Top of SUPPLIED MATERIAL

Lemma phi_num_two_roots :
  d ^+ 2 > (16 * N ^+ 2 / 27) *
           ((8 * N ^+ 2 - 6) * Num.sqrt (1 - 3 * N ^- 2 / 4) + 8 * N ^+ 2 - 9) ->
  exists z02 z03,
    [/\ N < z02, z02 < z03, z03 < sd, root phi_num z02 & root phi_num z03].
Proof.
move=> /phi_num_lt0_threshold [z Nz neg].
have zs : z < sd by apply: phi_num_lt0_lt_sqrt => //; lra'.
have [|z02] := @poly_ivtoo _ phi_num N z (ltW Nz).
  by rewrite pmulr_rlt0 // phi_num_N_gt0.
rewrite in_itv /= => /andP[N02 z02z] r02.
have [|z03] := @poly_ivtoo _ phi_num z sd (ltW zs).
  by rewrite pmulr_llt0 // phi_num_sqrt_gt0.
rewrite in_itv /= => /andP[zz03 z03s] r03.
by exists z02, z03; split => //; lra.
Qed.

Lemma is_derive_KH_F {x : R} : 1 < x ^+ 2 -> is_derive x 1 (KH_F N d) (KH_dF x).
Proof.
move=> x2; pose P : {poly R} := (1 - N *: 'X) ^+ 2; pose T : {poly R} := 'X ^+ 2 - 1.
have TE z : T.[z] = z ^+ 2 - 1 by rewrite /T !hornerE.
have T0 : T.[x] != 0 by rewrite TE; lra.
have dTV : is_derive x 1 (fun z => T.[z]^-1) (- T.[x] ^- 2 *: T^`().[x]).
  apply: DeriveDef; first exact: derivableV.
  by rewrite deriveV // -derive1E -derivE.
have -> : KH_F N d = horner P * (cst 1 - d ^+ 2 *: (fun z => T.[z]^-1)).
  by apply/funext => z; rewrite /KH_F /= !fctE TE /P !hornerE.
apply: trigger_derive; rewrite /KH_dF phi_numE /P /T !poly.derivE !fctE !hornerE /=.
by rewrite /GRing.scale /=; field; rewrite -TE.
Qed.

Lemma KH_F_mvt {x y : R} : x < y -> 1 < x \/ y < -1 ->
  exists2 c, x < c < y & KH_F N d y - KH_F N d x = KH_dF c * (y - x).
Proof.
move=> xy xy1.
have c2 c : x <= c <= y -> 1 < c ^+ 2 by case: xy1 => ? /andP[? ?]; nra.
have dF : {in `]x, y[, forall c : R, is_derive c 1 (KH_F N d) (KH_dF c)}.
  by move=> c; rewrite in_itv /= => /andP[? ?]; apply/is_derive_KH_F/c2; rewrite !ltW.
have cF : {within `[x, y], continuous (KH_F N d)}%classic.
  apply: derivable_within_continuous => c; rewrite in_itv /= => /c2 c21.
  by have [] := is_derive_KH_F c21.
have [c] := MVT xy dF cF; rewrite in_itv /= => xcy ->.
by exists c.
Qed.

Lemma KH_dF_gt0 {c : R} : 1 < c -> 0 < phi_num.[c] -> 0 < KH_dF c.
Proof. by move=> c1 pc; rewrite /KH_dF divr_gt0 ?exprn_gt0 ?mulr_gt0 //; nra'. Qed.

Lemma KH_dF_lt0 {c : R} : 1 < c -> phi_num.[c] < 0 -> KH_dF c < 0.
Proof.
move=> c1 pc; rewrite /KH_dF pmulr_llt0 ?invr_gt0 ?exprn_gt0 ?pmulr_rlt0 //; nra'.
Qed.

Lemma KH_F_lt_phi_num_gt0 {x y : R} : 1 < x -> x < y -> (forall c, x < c < y -> 0 < phi_num.[c]) ->
  KH_F N d x < KH_F N d y.
Proof.
move=> x1 xy pos; have [c /andP[xc cy] eF] := KH_F_mvt xy (or_introl x1).
by rewrite -subr_gt0 eF mulr_gt0 ?subr_gt0 // KH_dF_gt0 ?pos ?xc //; lra.
Qed.

Lemma KH_F_gt_phi_num_lt0 {x y : R} : 1 < x -> x < y -> (forall c, x < c < y -> phi_num.[c] < 0) ->
  KH_F N d y < KH_F N d x.
Proof.
move=> x1 xy neg; have [c /andP[xc cy] eF] := KH_F_mvt xy (or_introl x1).
by rewrite -subr_lt0 eF pmulr_llt0 ?subr_gt0 // KH_dF_lt0 ?neg ?xc //; lra.
Qed.

Lemma KH_F_decr_ltN1 : {in `]-oo, -1[ &, {homo KH_F N d : x y /~ x < y}}.
Proof.
move=> x y; rewrite !in_itv /= => x1 _ yx.
have [c /andP[yc cx] eF] := KH_F_mvt yx (or_intror x1).
have c1 : c < -1 by lra.
rewrite -subr_lt0 eF pmulr_llt0 ?subr_gt0 // /KH_dF pmulr_llt0 ?invr_gt0 ?exprn_gt0 //; last nra.
by rewrite pmulr_llt0 ?phi_num_gt0_ltN1 //; nra'.
Qed.

Local Notation Q A := (KH_quartic N d A).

Bottom of SUPPLIED MATERIAL

▶ **INSTRUCTIONS FOR THE TASK**:
Wherever the string "Lemma" appears in a line of the records, copy that line.

▶ **OUTPUT OF THE EXERCISE**:
Lemma phi_num_two_roots :
Lemma is_derive_KH_F {x : R} : 1 < x ^+ 2 -> is_derive x 1 (KH_F N d) (KH_dF x).
Lemma KH_F_mvt {x y : R} : x < y -> 1 < x \/ y < -1 ->
Lemma KH_dF_gt0 {c : R} : 1 < c -> 0 < phi_num.[c] -> 0 < KH_dF c.
Lemma KH_dF_lt0 {c : R} : 1 < c -> phi_num.[c] < 0 -> KH_dF c < 0.
Lemma KH_F_lt_phi_num_gt0 {x y : R} : 1 < x -> x < y -> (forall c, x < c < y -> 0 < phi_num.[c]) ->
Lemma KH_F_gt_phi_num_lt0 {x y : R} : 1 < x -> x < y -> (forall c, x < c < y -> phi_num.[c] < 0) ->
Lemma KH_F_decr_ltN1 : {in `]-oo, -1[ &, {homo KH_F N d : x y /~ x < y}}.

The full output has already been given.